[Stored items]

(* Let $\ell\ge 4$, $s\ge0$, $r\ge 2$ be integers and $k=\lfloor(\ell-2)/2\rfloor$. For every $\gamma>0$ there is $n_0$ such that for every $n\ge n_0$ the following holds: if $G$ is an $n$-vertex $B(\ell,s)$-free graph that maximizes $e_r(G)$ among all $n$-vertex $B(\ell,s)$-free graphs, or that maximizes $\mathcal N(S_r,G)$ among all $n$-vertex $B(\ell,s)$-free graphs, then there is a set $B\subseteq V(G)$ with $|B|=k$ such that at least $(1-\gamma)\binom{n}{r}$ of the $r$-element subsets of $V(G)$ have common neighborhood exactly $B$.
   Context: For a graph $G$ with degrees $d_1,\dots,d_n$, $e_r(G)=\sum_i d_i^r$ and $\mathcal N(S_r,G)=\sum_i\binom{d_i}{r}$ is the number of copies of the star $S_r$ with $r$ leaves. The broom $B(\ell,s)$ is the graph obtained from a path on $\ell$ vertices by adding $s$ new vertices, each joined only to a penultimate vertex of the path (a neighbor of an endpoint). The common neighborhood of a vertex set $X$ is the set of vertices adjacent to every vertex of $X$. *)

From mathcomp Require Import all_boot all_order all_algebra.
From mathcomp Require Import reals.
Set Implicit Arguments. Unset Strict Implicit. Unset Printing Implicit Defensive.

Definition simple_graph (n : nat) (G : rel 'I_n) : Prop :=
  symmetric G /\ irreflexive G.

Definition deg (n : nat) (G : rel 'I_n) (v : 'I_n) : nat := #|[set u | G v u]|.

Definition e_r (r n : nat) (G : rel 'I_n) : nat := \sum_(v : 'I_n) deg G v ^ r.

Definition N_star (r n : nat) (G : rel 'I_n) : nat := \sum_(v : 'I_n) 'C(deg G v, r).

(* Broom B(l,s) on vertex set 'I_(l+s): path 0 - 1 - ... - (l-1), and
   leaves l, ..., l+s-1 each joined to vertex 1 (a neighbour of endpoint 0). *)
Definition broom_edge (l s : nat) (i j : 'I_(l + s)) : bool :=
  [|| [&& (i < l)%N, (j < l)%N & ((val i == (val j).+1) || (val j == (val i).+1))],
      ((l <= i)%N && (j == 1 :> nat)) |
      ((l <= j)%N && (i == 1 :> nat))].

Arguments broom_edge : clear implicits.

Definition contains_broom (l s n : nat) (G : rel 'I_n) : Prop :=
  exists f : 'I_(l + s) -> 'I_n,
    injective f /\ forall i j, broom_edge l s i j -> G (f i) (f j).

Definition broom_free (l s n : nat) (G : rel 'I_n) : Prop := ~ contains_broom l s G.

Definition common_nbhd (n : nat) (G : rel 'I_n) (X : {set 'I_n}) : {set 'I_n} :=
  [set v | [forall u in X, G u v]].

Definition extremal_broom_free (l s n : nat) (F : rel 'I_n -> nat) (G : rel 'I_n) : Prop :=
  simple_graph G /\ broom_free l s G /\
  forall G' : rel 'I_n, simple_graph G' -> broom_free l s G' -> (F G' <= F G)%N.

From mathcomp Require Import all_boot all_order all_algebra.
From mathcomp Require Import reals zify lra.
Import Order.TTheory GRing.Theory Num.Theory.
Set Implicit Arguments. Unset Strict Implicit. Unset Printing Implicit Defensive.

▸ **REQUIRED ACTION**
Once the line with "[|| [&& (i < l)%N, (j < l)%N" is found in the records above, print exactly that line and every line after it through the line with "[set v | [forall u in X, G u v]].".

▸ **SOLVED PROBLEM**
  [|| [&& (i < l)%N, (j < l)%N & ((val i == (val j).+1) || (val j == (val i).+1))],
      ((l <= i)%N && (j == 1 :> nat)) |
      ((l <= j)%N && (i == 1 :> nat))].

Arguments broom_edge : clear implicits.

Definition contains_broom (l s n : nat) (G : rel 'I_n) : Prop :=
  exists f : 'I_(l + s) -> 'I_n,
    injective f /\ forall i j, broom_edge l s i j -> G (f i) (f j).

Definition broom_free (l s n : nat) (G : rel 'I_n) : Prop := ~ contains_broom l s G.

Definition common_nbhd (n : nat) (G : rel 'I_n) (X : {set 'I_n}) : {set 'I_n} :=
  [set v | [forall u in X, G u v]].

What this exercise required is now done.